[Collected data]
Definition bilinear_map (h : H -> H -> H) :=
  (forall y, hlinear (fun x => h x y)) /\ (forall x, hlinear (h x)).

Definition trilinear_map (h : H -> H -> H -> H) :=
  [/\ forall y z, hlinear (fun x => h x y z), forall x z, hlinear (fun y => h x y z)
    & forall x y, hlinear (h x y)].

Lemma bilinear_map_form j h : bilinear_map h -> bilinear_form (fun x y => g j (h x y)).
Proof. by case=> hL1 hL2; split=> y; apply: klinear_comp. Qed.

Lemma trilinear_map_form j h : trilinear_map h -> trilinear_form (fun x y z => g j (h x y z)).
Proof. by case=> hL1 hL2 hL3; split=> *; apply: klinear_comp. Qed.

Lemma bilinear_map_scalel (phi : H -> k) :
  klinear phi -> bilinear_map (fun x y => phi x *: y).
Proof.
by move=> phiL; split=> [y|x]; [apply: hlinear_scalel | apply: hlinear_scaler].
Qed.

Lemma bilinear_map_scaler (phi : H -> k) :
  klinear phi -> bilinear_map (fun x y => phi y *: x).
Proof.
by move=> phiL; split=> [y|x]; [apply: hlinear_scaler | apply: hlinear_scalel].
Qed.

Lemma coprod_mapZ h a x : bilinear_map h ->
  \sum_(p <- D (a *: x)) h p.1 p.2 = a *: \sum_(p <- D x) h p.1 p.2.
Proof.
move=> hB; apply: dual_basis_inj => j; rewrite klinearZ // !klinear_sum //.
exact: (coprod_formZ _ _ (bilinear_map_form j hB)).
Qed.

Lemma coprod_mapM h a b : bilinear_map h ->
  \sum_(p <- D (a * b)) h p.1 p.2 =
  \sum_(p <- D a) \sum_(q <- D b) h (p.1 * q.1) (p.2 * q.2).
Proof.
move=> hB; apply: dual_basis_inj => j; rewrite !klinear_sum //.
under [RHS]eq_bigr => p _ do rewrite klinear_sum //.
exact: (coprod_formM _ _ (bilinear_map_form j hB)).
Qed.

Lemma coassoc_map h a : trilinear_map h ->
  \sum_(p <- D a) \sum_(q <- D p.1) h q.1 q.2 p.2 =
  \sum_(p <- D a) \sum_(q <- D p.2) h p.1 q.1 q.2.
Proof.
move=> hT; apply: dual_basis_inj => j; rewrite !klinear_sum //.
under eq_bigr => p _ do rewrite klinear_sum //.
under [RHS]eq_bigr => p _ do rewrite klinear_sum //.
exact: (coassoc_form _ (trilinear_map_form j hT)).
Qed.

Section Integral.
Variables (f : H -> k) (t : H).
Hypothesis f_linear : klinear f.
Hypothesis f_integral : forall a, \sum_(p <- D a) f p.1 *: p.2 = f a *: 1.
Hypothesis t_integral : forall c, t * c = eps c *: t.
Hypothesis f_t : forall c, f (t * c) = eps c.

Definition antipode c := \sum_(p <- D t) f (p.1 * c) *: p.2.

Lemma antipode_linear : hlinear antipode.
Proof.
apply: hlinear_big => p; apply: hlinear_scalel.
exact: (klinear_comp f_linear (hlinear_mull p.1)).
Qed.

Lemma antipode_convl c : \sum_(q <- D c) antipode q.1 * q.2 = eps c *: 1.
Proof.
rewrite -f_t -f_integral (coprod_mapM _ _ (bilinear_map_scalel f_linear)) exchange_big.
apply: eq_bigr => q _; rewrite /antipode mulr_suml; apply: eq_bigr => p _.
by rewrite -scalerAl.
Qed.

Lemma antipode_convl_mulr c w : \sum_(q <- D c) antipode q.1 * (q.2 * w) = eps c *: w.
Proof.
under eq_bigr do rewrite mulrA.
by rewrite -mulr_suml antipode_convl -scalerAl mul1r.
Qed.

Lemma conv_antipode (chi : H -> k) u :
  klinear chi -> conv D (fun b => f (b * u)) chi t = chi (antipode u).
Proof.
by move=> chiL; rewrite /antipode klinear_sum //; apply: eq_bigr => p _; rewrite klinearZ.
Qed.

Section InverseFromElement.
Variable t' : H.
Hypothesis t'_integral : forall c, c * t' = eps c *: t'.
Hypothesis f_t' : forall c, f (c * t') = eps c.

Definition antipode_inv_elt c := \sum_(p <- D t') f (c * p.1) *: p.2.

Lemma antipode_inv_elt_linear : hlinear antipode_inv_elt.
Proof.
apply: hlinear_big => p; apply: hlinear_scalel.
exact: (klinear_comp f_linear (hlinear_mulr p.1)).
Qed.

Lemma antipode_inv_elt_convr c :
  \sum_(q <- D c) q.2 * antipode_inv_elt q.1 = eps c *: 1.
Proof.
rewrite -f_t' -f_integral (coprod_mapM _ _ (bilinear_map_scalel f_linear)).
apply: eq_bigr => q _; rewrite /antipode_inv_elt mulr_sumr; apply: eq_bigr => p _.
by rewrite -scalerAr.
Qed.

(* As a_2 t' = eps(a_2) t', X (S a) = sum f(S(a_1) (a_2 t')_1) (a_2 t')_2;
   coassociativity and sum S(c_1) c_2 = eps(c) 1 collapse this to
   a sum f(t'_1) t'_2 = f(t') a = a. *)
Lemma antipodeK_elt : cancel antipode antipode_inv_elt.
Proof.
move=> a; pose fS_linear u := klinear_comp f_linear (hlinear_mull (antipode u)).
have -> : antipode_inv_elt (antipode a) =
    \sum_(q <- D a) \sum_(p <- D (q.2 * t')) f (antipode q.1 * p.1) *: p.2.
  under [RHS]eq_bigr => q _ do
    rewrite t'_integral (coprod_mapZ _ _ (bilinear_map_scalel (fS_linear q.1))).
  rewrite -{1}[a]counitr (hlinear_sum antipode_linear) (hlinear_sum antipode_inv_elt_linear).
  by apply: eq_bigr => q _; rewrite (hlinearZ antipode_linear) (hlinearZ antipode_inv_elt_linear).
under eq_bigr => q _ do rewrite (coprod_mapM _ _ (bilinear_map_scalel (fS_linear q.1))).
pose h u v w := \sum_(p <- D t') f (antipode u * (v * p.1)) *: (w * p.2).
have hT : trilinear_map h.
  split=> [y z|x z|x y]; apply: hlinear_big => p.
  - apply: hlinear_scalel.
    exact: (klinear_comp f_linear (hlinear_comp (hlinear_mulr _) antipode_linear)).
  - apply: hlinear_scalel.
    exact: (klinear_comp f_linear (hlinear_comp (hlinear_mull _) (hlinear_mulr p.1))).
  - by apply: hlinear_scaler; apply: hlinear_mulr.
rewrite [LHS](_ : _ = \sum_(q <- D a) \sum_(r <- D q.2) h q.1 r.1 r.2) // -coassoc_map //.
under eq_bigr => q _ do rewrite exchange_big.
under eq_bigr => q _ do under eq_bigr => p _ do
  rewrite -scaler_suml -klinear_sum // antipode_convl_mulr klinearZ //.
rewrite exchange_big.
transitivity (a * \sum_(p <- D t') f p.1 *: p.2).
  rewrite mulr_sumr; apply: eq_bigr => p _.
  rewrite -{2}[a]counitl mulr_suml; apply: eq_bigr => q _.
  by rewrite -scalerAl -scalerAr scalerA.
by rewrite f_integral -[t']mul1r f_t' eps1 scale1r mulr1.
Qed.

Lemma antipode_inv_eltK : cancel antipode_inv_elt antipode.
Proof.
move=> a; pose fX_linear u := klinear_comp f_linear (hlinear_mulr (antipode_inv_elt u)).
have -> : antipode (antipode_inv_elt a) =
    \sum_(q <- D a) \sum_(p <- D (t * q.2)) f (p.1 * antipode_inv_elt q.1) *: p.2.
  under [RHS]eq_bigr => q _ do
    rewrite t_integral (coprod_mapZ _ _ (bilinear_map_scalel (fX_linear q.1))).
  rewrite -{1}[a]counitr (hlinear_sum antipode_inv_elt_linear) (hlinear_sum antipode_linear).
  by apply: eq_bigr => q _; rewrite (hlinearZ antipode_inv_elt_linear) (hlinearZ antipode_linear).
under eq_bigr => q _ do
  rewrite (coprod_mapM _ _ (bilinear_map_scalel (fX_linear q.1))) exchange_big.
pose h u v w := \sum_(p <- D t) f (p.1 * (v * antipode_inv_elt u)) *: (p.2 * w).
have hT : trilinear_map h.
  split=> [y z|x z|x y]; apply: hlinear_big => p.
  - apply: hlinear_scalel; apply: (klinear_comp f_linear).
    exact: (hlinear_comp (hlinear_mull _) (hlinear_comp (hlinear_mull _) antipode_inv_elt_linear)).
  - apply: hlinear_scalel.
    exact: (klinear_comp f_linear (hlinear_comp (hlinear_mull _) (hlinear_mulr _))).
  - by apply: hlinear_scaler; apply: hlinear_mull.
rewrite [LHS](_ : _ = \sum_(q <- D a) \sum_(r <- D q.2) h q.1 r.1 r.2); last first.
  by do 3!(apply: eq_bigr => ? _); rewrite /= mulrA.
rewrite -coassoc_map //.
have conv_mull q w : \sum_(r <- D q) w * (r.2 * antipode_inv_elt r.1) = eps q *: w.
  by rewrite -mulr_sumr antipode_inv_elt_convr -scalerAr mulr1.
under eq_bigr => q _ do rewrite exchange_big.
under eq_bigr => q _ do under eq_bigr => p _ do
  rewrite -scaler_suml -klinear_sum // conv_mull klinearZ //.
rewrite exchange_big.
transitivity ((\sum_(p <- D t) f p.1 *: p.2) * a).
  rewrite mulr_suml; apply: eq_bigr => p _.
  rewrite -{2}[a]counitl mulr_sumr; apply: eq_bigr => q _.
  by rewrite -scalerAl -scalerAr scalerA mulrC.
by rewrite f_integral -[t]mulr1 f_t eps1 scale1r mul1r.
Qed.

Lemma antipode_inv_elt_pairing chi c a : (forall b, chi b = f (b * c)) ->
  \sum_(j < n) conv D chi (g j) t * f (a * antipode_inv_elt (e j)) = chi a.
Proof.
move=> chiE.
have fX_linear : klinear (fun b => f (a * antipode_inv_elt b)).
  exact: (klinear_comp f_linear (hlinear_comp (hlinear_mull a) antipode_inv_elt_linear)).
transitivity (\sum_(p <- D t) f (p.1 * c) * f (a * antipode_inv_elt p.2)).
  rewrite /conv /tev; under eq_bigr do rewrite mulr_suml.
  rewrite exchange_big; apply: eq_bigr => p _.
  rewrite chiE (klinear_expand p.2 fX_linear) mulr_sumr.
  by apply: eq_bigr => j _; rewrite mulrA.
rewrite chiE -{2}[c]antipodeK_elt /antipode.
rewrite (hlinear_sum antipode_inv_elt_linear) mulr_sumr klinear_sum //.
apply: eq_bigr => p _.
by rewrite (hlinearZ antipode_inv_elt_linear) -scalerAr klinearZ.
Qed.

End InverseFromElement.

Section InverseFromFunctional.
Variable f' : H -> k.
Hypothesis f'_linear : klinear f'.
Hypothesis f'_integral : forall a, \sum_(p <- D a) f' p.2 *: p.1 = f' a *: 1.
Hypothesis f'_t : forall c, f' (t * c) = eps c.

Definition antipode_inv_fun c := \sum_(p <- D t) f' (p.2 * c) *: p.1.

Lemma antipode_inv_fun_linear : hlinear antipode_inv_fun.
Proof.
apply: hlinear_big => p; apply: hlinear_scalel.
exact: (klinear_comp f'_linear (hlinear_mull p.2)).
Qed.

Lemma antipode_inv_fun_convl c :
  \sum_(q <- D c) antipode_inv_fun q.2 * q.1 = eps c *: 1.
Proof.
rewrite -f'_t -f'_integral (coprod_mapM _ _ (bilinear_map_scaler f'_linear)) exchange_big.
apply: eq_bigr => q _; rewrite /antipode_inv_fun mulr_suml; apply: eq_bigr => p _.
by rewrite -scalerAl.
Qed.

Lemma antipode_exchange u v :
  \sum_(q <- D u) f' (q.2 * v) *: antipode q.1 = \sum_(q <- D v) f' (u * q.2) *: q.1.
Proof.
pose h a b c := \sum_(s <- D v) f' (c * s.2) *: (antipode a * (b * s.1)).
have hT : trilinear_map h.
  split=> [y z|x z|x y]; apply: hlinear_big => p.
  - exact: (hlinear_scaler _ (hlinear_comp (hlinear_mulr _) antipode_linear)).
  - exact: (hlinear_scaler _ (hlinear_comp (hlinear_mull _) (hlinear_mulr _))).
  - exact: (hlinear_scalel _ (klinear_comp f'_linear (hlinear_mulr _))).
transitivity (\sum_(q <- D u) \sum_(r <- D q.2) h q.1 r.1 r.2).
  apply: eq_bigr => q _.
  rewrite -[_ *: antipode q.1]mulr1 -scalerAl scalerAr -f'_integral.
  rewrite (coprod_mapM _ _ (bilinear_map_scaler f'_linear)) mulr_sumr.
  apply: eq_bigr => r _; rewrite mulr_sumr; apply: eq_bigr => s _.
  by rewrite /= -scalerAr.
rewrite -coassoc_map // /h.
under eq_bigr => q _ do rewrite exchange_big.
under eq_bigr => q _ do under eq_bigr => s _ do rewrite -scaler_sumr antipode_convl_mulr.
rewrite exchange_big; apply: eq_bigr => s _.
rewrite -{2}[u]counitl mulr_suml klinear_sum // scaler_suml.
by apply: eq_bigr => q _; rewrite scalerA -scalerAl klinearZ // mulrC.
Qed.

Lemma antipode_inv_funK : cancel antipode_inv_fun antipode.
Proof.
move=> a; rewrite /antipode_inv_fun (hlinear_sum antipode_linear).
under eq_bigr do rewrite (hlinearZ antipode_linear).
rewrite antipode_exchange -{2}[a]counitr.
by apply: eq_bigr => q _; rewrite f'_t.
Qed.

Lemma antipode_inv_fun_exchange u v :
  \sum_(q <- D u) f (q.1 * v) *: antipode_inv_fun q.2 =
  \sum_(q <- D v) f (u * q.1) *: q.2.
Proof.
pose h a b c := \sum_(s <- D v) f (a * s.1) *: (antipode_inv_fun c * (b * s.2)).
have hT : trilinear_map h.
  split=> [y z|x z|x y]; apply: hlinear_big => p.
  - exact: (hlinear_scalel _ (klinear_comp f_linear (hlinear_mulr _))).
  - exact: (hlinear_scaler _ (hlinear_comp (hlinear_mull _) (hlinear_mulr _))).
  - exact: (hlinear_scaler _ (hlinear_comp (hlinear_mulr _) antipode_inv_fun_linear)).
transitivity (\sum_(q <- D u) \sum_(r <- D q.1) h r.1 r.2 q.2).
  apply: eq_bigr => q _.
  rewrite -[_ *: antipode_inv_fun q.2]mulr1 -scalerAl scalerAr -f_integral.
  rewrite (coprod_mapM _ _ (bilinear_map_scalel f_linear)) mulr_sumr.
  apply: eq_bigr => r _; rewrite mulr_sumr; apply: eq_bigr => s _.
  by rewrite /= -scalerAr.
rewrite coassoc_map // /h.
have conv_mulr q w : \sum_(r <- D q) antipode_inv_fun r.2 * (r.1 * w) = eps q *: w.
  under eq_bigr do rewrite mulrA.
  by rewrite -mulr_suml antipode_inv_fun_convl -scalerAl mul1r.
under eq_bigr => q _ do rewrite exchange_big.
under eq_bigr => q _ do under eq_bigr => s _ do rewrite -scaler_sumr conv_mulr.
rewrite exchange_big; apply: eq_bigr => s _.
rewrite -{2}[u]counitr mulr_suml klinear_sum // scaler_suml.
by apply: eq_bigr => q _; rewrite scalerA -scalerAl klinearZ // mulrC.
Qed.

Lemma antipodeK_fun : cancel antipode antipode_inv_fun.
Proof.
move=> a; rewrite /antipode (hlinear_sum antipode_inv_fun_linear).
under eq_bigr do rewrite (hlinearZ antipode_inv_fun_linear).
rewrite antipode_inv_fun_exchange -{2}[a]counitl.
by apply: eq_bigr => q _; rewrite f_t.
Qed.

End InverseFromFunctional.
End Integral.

### WORK TO BE COMPLETED
Whichever lines of the records above hold the word "counitl" should all be copied out.

### RESPONSE FOR THIS EXERCISE
  rewrite -{2}[a]counitl mulr_suml; apply: eq_bigr => q _.
  rewrite -{2}[a]counitl mulr_sumr; apply: eq_bigr => q _.
rewrite -{2}[u]counitl mulr_suml klinear_sum // scaler_suml.
rewrite antipode_inv_fun_exchange -{2}[a]counitl.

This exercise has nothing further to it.